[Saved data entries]
Lemma natr_mul_expr_le (R : realFieldType) (s : R) n : 0 <= s -> s < 1 ->
  n.+1%:R * s ^+ n <= (1 - s)^-1.
Proof.
move=> s_ge0 s_lt1.
have geomE : (1 - s) * \sum_(i < n.+1) s ^+ i = 1 - s ^+ n.+1.
  by rewrite -(opprB s 1) mulNr -subrX1 opprB.
have le_geom : n.+1%:R * s ^+ n <= \sum_(i < n.+1) s ^+ i.
  have <- : \sum_(i < n.+1) s ^+ n = n.+1%:R * s ^+ n.
    by rewrite sumr_const card_ord mulr_natl.
  apply: ler_sum => i _.
  by apply: ler_wiXn2l; rewrite ?(ltW s_lt1) // -ltnS.
rewrite (le_trans le_geom) // -[X in _ <= X]mulr1 ler_pdivlMl ?subr_gt0 // geomE.
by rewrite gerBl exprn_ge0.
Qed.

Lemma natr_mul_expr_decay (R : realFieldType) (r : R) : 0 <= r -> r < 1 ->
  exists C q : R, [/\ 0 < q, q < 1 & forall n, n.+1%:R * r ^+ n <= C * q ^+ n.+1].
Proof.
move=> r_ge0 r_lt1; pose q := (1 + r) / 2; pose s := r / q.
have q_gt0 : 0 < q by rewrite /q; lra.
have q_lt1 : q < 1 by rewrite /q; lra.
have s_ge0 : 0 <= s := divr_ge0 r_ge0 (ltW q_gt0).
have s_lt1 : s < 1 by rewrite ltr_pdivrMr // mul1r /q; lra.
exists ((1 - s)^-1 / q), q; split=> // n.
rewrite -[r](@divfK _ q) ?gt_eqF // -/s exprMn mulrA exprSr mulrA -[_ / q * _]mulrAC.
rewrite divfK ?gt_eqF //; apply: ler_wpM2r; first exact: exprn_ge0 (ltW q_gt0).
exact: natr_mul_expr_le.
Qed.

Section RandomSubgraph.
Variables (R : realType) (p : R).

Definition bern_pgf (c : R) : R := p * c + (1 - p).

Local Notation phi := (bern_pgf 2^-1).
Local Notation beta := (bern_pgf (2^-1 * 2^-1)).
(* Let $(X,d_X)$ be a compact geodesic metric space, $r\in X$, $d=d_X(r,\cdot)$, and let $(G,d_G)$ be either the metric Reeb graph of $d$ or the metric $\alpha$-Reeb graph of $d$, assumed to be a finite graph, with quotient map $\pi:X\to G$. Then $\pi$ is $1$-Lipschitz: for all $x,y\in X$, $d_G(\pi(x),\pi(y))\le d_X(x,y)$.
   Context: Reeb graph: for $x,y\in X$ set $x\sim y$ iff $d(x)=d(y)$ and $x,y$ lie in the same path-connected component of $d^{-1}(d(x))$; $G=X/\sim$, with quotient map $\pi:X\to G$. $\alpha$-Reeb graph: given $\alpha>0$ and a covering $\mathcal I=\{I_i\}$ of the range of $d$ by open intervals of length at most $\alpha$, let $\sim_\alpha$ be the transitive closure of the relation ''$d(x)=d(y)$ and $x,y$ lie in the same path-connected component of $d^{-1}(I_i)$ for some $i$''; $G=X/\sim_\alpha$. In both cases $d$ induces $d_*:G\to\mathbb R_+$ with $d=d_*\circ\pi$. Metric structure (assuming $G$ is a finite topological graph): the vertex set $V$ consists of the points of degree $\neq 2$, the local maxima of $d_*$, and $\pi(r)$; the edges are the connected components of $G\setminus V$. Each edge is given length equal to the absolute difference of $d_*$ at its endpoints, the distance between two points $p,p'$ of the same edge being $|d_*(p)-d_*(p')|$; $d_G$ is the resulting metric-graph metric. *)

From Stdlib Require Import Reals List Relations.
From Coquelicot Require Import Coquelicot.
Open Scope R_scope.
Set Implicit Arguments.

Section Defs.
Variable X : Type.
Variable dX : X -> X -> R.
Implicit Types (I : Type).

Definition is_metric : Prop :=
  (forall x y, 0 <= dX x y) /\
  (forall x y, dX x y = 0 <-> x = y) /\
  (forall x y, dX x y = dX y x) /\
  (forall x y z, dX x z <= dX x y + dX y z).

Definition openX (U : X -> Prop) : Prop :=
  forall x, U x -> exists eps, 0 < eps /\ forall y, dX x y < eps -> U y.

Definition compactX : Prop :=
  forall (I : Type) (U : I -> X -> Prop),
    (forall i, openX (U i)) -> (forall x, exists i, U i x) ->
    exists l : list I, forall x, exists i, In i l /\ U i x.

Definition geodesicX : Prop :=
  forall x y, exists g : R -> X, g 0 = x /\ g (dX x y) = y /\
    forall s t, 0 <= s <= dX x y -> 0 <= t <= dX x y ->
      dX (g s) (g t) = Rabs (s - t).

(* continuous path [0,1] -> X (only the values on [0,1] matter) *)
Definition pathX (g : R -> X) : Prop :=
  forall t, 0 <= t <= 1 -> forall eps, 0 < eps -> exists delta, 0 < delta /\
    forall s, 0 <= s <= 1 -> Rabs (s - t) < delta -> dX (g s) (g t) < eps.

Definition same_path_comp (P : X -> Prop) (x y : X) : Prop :=
  exists g : R -> X, pathX g /\ g 0 = x /\ g 1 = y /\
    forall t, 0 <= t <= 1 -> P (g t).

Definition reeb_rel (d : X -> R) (x y : X) : Prop :=
  d x = d y /\ same_path_comp (fun z => d z = d x) x y.

Definition alpha_cover (d : X -> R) (alpha : R) (I : Type) (a b : I -> R) : Prop :=
  (forall i, b i - a i <= alpha) /\ (forall x, exists i, a i < d x < b i).

Definition alpha_base (d : X -> R) (I : Type) (a b : I -> R) (x y : X) : Prop :=
  d x = d y /\ exists i, same_path_comp (fun z => a i < d z < b i) x y.

Definition alpha_rel (d : X -> R) (I : Type) (a b : I -> R) : X -> X -> Prop :=
  clos_refl_trans X (alpha_base d a b).

Variable G : Type.
Variable pi : X -> G.

Definition openG (U : G -> Prop) : Prop := openX (fun x => U (pi x)).

Definition closureG (C : G -> Prop) (p : G) : Prop :=
  forall U, openG U -> U p -> exists q, U q /\ C q.

Definition connectedG (S : G -> Prop) : Prop :=
  ~ exists U W, openG U /\ openG W /\
      (forall p, S p -> U p \/ W p) /\
      (exists p, S p /\ U p) /\ (exists p, S p /\ W p) /\
      (forall p, S p -> U p -> W p -> False).

Definition componentG (A C : G -> Prop) : Prop :=
  (exists p, C p) /\ (forall p, C p -> A p) /\ connectedG C /\
  (forall C', (forall p, C p -> C' p) -> (forall p, C' p -> A p) ->
     connectedG C' -> forall p, C' p -> C p).

Definition relopen01 (U : R -> Prop) : Prop :=
  forall t, 0 <= t <= 1 -> U t -> exists delta, 0 < delta /\
    forall s, 0 <= s <= 1 -> Rabs (s - t) < delta -> U s.

(* G (with the quotient topology) is a finite topological graph:
   finitely many vertices V0 and m edges E j : [0,1] -> G (j < m), such that
   G is the CW complex they form (cells disjoint, covering, CW topology). *)
Definition finite_graph (V0 : list G) (m : nat) (E : nat -> R -> G) : Prop :=
  (forall j, (j < m)%nat -> In (E j 0) V0 /\ In (E j 1) V0) /\
  (forall j t, (j < m)%nat -> 0 < t < 1 -> ~ In (E j t) V0) /\
  (forall p, ~ In p V0 -> exists j t, (j < m)%nat /\ 0 < t < 1 /\ E j t = p) /\
  (forall j j' t t', (j < m)%nat -> (j' < m)%nat -> 0 < t < 1 -> 0 < t' < 1 ->
     E j t = E j' t' -> j = j' /\ t = t') /\
  (forall U, openG U <-> forall j, (j < m)%nat -> relopen01 (fun t => U (E j t))).

Definition edge_end (E : nat -> R -> G) (j : nat) (s : bool) : G :=
  E j (if s then 1 else 0).

Definition degree2 (V0 : list G) (m : nat) (E : nat -> R -> G) (p : G) : Prop :=
  ~ In p V0 \/
  exists j1 s1 j2 s2, (j1 < m)%nat /\ (j2 < m)%nat /\ (j1, s1) <> (j2, s2) /\
    edge_end E j1 s1 = p /\ edge_end E j2 s2 = p /\
    forall j s, (j < m)%nat -> edge_end E j s = p -> (j, s) = (j1, s1) \/ (j, s) = (j2, s2).

Definition local_maxG (dstar : G -> R) (p : G) : Prop :=
  exists U, openG U /\ U p /\ forall q, U q -> dstar q <= dstar p.

Definition vertexG (V0 : list G) (m : nat) (E : nat -> R -> G)
  (dstar : G -> R) (r : X) (p : G) : Prop :=
  ~ degree2 V0 m E p \/ local_maxG dstar p \/ p = pi r.

(* p and q lie in (the closure of) a common edge = component of G \ V *)
Definition same_edge (Vs : G -> Prop) (p q : G) : Prop :=
  exists C, componentG (fun z => ~ Vs z) C /\ closureG C p /\ closureG C q.

Fixpoint chain_adm (Rel : G -> G -> Prop) (p : G) (l : list G) : Prop :=
  match l with nil => True | q :: l' => Rel p q /\ chain_adm Rel q l' end.

Fixpoint chain_len (dstar : G -> R) (p : G) (l : list G) : R :=
  match l with nil => 0 | q :: l' => Rabs (dstar p - dstar q) + chain_len dstar q l' end.

(* metric-graph metric: infimum of lengths of chains p = p0, ..., pn = q with
   consecutive points on a common (closed) edge, where distance on an edge is
   |dstar p - dstar p'| *)
Definition dG (Vs : G -> Prop) (dstar : G -> R) (p q : G) : Rbar :=
  Glb_Rbar (fun L => exists l, chain_adm (same_edge Vs) p l /\ last l p = q /\
                               L = chain_len dstar p l).
End Defs.

(* Follow a geodesic g from x to y.  Every point p of G has an open neighbourhood
   all of whose points share a closed edge with p.  Indeed, in a geodesic space
   the height dX r . has no local minimum away from r, so two local maxima on one
   edge must have pi r between them; hence the vertices of the metric structure
   are isolated along every edge.  As the height is 1-Lipschitz, passing from
   pi (g s) to pi (g t) along an edge costs at most t - s, and real induction
   along the geodesic yields an edge chain from pi x to pi y of length at most
   dX x y. *)

From Stdlib Require Import Reals List Relations Lra Lia Classical.
From Coquelicot Require Import Coquelicot.
Open Scope R_scope.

* **What to work on**: Copy range, inclusive: the line holding "(forall x y, dX x y = 0 <-> x = y) /\" to the line holding "exists g : R -> X, pathX". Reproduce exactly those lines of the records above and no others.

* **Answer to the problem**:
  (forall x y, dX x y = 0 <-> x = y) /\
  (forall x y, dX x y = dX y x) /\
  (forall x y z, dX x z <= dX x y + dX y z).

Definition openX (U : X -> Prop) : Prop :=
  forall x, U x -> exists eps, 0 < eps /\ forall y, dX x y < eps -> U y.

Definition compactX : Prop :=
  forall (I : Type) (U : I -> X -> Prop),
    (forall i, openX (U i)) -> (forall x, exists i, U i x) ->
    exists l : list I, forall x, exists i, In i l /\ U i x.

Definition geodesicX : Prop :=
  forall x y, exists g : R -> X, g 0 = x /\ g (dX x y) = y /\
    forall s t, 0 <= s <= dX x y -> 0 <= t <= dX x y ->
      dX (g s) (g t) = Rabs (s - t).

(* continuous path [0,1] -> X (only the values on [0,1] matter) *)
Definition pathX (g : R -> X) : Prop :=
  forall t, 0 <= t <= 1 -> forall eps, 0 < eps -> exists delta, 0 < delta /\
    forall s, 0 <= s <= 1 -> Rabs (s - t) < delta -> dX (g s) (g t) < eps.

Definition same_path_comp (P : X -> Prop) (x y : X) : Prop :=
  exists g : R -> X, pathX g /\ g 0 = x /\ g 1 = y /\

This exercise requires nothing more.